[DATA EXTRACT Boundary: Start]

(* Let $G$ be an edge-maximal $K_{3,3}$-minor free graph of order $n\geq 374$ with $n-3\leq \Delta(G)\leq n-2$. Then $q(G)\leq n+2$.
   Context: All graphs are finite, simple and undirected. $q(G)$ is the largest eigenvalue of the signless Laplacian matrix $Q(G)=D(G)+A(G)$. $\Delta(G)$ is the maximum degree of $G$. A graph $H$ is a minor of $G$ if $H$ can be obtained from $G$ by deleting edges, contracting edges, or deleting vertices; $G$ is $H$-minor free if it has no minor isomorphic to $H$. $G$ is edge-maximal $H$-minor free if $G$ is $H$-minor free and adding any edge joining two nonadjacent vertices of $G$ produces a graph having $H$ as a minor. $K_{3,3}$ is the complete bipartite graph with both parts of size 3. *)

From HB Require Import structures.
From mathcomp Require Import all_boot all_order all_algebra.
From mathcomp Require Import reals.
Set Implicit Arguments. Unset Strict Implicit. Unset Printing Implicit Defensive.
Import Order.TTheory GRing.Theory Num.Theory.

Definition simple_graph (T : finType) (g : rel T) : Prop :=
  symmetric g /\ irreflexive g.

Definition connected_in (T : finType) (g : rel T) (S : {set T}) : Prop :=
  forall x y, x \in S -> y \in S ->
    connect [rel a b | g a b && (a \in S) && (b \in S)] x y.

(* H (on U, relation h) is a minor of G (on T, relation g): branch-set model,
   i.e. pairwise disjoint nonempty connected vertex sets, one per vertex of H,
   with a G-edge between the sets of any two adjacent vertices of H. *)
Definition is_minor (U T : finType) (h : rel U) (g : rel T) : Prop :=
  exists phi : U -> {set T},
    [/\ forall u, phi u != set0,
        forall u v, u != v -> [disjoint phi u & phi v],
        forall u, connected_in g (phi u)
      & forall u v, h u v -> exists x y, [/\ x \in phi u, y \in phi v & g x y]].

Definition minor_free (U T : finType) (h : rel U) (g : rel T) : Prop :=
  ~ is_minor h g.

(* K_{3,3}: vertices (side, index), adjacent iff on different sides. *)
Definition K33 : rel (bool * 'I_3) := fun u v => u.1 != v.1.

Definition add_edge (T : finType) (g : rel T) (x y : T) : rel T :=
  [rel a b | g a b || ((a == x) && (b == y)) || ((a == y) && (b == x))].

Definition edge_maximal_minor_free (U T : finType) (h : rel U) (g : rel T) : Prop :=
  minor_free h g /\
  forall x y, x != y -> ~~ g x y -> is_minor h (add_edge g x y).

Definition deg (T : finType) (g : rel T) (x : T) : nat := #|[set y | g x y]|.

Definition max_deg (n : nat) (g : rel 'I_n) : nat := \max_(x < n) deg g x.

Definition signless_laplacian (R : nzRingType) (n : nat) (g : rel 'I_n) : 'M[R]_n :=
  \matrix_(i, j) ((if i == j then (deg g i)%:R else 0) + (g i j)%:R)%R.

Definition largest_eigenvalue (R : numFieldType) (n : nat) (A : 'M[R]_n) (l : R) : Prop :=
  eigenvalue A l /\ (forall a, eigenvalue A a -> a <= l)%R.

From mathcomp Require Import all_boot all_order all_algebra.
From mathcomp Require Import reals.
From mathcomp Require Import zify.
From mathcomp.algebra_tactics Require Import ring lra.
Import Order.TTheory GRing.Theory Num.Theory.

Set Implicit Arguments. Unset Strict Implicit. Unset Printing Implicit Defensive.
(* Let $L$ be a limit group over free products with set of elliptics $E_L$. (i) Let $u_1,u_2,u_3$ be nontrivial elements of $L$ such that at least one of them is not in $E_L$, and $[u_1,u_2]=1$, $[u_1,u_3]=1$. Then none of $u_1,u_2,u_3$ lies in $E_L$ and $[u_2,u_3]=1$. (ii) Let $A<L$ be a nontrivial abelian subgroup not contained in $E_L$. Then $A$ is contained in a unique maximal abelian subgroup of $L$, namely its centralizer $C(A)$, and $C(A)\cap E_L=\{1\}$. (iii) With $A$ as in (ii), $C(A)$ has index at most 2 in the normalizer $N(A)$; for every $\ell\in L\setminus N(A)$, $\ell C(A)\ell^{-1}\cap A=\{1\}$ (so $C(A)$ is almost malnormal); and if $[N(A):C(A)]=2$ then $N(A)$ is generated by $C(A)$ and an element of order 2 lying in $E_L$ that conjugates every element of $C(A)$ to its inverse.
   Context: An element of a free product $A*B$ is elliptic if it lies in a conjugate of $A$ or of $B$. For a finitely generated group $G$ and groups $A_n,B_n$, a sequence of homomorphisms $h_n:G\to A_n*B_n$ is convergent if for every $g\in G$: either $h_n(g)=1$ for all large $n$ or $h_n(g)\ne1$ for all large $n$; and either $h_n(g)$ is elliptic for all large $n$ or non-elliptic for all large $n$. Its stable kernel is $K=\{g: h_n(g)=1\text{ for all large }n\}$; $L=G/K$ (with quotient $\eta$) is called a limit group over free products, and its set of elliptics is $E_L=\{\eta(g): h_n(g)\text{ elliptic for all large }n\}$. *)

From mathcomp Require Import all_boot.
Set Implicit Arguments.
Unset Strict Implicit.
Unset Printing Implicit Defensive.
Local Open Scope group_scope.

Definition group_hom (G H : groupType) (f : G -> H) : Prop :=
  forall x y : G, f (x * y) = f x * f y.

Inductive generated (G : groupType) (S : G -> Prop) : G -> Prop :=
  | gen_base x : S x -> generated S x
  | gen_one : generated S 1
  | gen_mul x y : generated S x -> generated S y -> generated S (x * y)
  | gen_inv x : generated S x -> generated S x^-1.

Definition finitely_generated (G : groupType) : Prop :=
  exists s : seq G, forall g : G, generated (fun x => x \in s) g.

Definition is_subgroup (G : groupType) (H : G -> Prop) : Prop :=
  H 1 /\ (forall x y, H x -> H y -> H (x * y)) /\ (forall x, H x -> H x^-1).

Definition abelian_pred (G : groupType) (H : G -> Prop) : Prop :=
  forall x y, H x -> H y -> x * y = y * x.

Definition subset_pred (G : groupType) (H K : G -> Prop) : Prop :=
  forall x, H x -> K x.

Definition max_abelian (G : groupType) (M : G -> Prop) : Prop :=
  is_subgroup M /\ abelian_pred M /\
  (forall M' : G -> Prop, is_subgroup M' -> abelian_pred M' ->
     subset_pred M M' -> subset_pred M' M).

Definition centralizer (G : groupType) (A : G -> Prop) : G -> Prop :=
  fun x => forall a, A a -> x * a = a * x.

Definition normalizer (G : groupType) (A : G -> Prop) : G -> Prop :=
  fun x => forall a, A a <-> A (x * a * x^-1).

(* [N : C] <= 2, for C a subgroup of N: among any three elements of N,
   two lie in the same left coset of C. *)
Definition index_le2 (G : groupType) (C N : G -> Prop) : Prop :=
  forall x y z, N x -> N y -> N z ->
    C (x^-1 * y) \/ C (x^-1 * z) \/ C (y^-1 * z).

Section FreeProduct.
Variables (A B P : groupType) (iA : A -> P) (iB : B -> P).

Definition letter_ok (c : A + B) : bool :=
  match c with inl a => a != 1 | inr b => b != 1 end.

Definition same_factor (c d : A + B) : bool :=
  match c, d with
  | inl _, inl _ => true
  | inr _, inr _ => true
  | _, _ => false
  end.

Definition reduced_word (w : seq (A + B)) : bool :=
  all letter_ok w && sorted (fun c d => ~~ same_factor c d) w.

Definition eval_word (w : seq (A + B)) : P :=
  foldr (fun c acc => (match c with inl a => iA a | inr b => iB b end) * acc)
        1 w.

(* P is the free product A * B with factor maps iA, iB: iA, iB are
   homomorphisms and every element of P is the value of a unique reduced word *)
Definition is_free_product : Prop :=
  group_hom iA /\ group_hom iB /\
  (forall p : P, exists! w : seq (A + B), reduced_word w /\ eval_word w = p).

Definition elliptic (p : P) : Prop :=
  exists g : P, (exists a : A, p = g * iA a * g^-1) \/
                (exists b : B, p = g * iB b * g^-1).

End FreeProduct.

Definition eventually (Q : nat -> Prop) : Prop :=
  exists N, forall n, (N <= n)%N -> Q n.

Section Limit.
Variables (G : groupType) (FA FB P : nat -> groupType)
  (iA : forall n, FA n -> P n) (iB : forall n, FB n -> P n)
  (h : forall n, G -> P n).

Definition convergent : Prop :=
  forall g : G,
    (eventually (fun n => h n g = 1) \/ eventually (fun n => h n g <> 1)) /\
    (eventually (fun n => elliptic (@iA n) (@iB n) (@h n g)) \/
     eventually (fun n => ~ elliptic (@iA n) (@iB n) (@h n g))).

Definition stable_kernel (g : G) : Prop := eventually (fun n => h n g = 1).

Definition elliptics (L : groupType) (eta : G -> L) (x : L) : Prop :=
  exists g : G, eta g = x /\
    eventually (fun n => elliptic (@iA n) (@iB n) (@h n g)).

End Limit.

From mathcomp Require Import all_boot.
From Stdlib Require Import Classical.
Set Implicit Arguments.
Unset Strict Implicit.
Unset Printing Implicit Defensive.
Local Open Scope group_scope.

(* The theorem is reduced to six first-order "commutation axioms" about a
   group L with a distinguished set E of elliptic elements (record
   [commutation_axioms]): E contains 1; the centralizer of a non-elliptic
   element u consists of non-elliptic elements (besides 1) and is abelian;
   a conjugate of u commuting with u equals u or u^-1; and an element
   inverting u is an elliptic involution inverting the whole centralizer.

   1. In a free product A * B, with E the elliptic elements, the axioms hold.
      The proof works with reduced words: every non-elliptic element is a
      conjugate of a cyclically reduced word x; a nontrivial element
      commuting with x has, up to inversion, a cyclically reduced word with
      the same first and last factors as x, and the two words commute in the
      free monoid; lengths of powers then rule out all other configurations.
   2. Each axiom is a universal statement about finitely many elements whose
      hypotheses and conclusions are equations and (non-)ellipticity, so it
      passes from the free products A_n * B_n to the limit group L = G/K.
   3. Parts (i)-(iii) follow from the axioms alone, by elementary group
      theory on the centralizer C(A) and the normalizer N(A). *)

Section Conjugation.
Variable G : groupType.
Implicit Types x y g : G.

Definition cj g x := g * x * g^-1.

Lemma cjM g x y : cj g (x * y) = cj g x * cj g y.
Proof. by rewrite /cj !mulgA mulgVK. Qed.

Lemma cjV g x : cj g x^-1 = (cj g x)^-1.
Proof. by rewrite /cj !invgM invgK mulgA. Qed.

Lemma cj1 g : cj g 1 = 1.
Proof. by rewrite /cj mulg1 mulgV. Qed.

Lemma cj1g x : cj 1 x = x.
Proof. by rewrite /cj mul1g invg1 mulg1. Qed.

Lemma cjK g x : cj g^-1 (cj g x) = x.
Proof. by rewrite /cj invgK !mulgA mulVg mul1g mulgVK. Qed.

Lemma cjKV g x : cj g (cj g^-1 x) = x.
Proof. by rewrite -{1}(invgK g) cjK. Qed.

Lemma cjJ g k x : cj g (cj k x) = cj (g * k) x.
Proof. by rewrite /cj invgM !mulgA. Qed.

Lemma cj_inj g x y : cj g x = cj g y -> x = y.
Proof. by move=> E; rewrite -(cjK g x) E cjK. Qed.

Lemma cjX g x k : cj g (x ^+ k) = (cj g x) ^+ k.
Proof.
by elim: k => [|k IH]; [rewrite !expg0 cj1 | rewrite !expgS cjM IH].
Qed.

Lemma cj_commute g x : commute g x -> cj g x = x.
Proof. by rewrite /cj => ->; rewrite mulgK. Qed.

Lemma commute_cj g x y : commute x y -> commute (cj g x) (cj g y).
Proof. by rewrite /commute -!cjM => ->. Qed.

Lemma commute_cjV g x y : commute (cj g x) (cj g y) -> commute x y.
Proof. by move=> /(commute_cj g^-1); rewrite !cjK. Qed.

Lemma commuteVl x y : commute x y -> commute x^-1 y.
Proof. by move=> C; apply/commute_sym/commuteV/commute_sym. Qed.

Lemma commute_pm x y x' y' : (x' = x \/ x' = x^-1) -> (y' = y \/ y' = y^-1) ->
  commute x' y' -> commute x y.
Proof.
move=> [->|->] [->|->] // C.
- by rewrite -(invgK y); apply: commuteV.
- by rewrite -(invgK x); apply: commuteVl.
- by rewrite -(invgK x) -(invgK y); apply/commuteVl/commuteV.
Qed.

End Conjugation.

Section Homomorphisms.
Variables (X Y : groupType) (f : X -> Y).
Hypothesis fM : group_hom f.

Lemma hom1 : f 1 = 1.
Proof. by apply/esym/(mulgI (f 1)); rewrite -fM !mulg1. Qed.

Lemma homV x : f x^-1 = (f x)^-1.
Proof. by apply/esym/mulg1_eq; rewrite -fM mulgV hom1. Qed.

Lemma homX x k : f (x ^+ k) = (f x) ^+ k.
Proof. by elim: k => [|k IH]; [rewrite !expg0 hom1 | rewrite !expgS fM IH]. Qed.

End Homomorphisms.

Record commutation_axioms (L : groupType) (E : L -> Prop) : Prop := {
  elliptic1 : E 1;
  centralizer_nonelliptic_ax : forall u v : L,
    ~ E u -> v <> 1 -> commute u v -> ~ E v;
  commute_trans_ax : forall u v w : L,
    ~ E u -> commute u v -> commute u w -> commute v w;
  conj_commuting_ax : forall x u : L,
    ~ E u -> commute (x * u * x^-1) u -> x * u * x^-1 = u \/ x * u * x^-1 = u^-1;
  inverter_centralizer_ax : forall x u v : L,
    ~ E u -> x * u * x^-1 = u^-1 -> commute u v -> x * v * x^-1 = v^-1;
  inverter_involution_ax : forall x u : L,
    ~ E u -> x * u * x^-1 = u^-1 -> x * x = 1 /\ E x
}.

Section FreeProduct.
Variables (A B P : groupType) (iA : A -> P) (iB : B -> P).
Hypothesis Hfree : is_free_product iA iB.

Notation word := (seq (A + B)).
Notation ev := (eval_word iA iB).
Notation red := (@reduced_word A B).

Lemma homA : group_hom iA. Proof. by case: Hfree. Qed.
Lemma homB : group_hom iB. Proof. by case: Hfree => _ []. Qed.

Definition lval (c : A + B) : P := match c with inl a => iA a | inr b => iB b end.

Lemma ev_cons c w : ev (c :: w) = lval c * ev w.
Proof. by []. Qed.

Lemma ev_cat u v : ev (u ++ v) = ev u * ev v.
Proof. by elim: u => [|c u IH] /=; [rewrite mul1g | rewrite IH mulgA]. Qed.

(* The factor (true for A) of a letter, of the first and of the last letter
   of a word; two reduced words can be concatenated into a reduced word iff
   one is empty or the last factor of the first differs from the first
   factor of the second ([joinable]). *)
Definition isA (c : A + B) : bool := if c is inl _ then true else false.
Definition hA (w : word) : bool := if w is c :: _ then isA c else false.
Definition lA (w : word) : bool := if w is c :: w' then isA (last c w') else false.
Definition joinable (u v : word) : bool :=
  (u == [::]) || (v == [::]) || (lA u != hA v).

[DATA EXTRACT Boundary: End]

The lines to copy are those above that contain "commuteVl".

Lemma commuteVl x y : commute x y -> commute x^-1 y.
- by rewrite -(invgK x); apply: commuteVl.
- by rewrite -(invgK x) -(invgK y); apply/commuteVl/commuteV.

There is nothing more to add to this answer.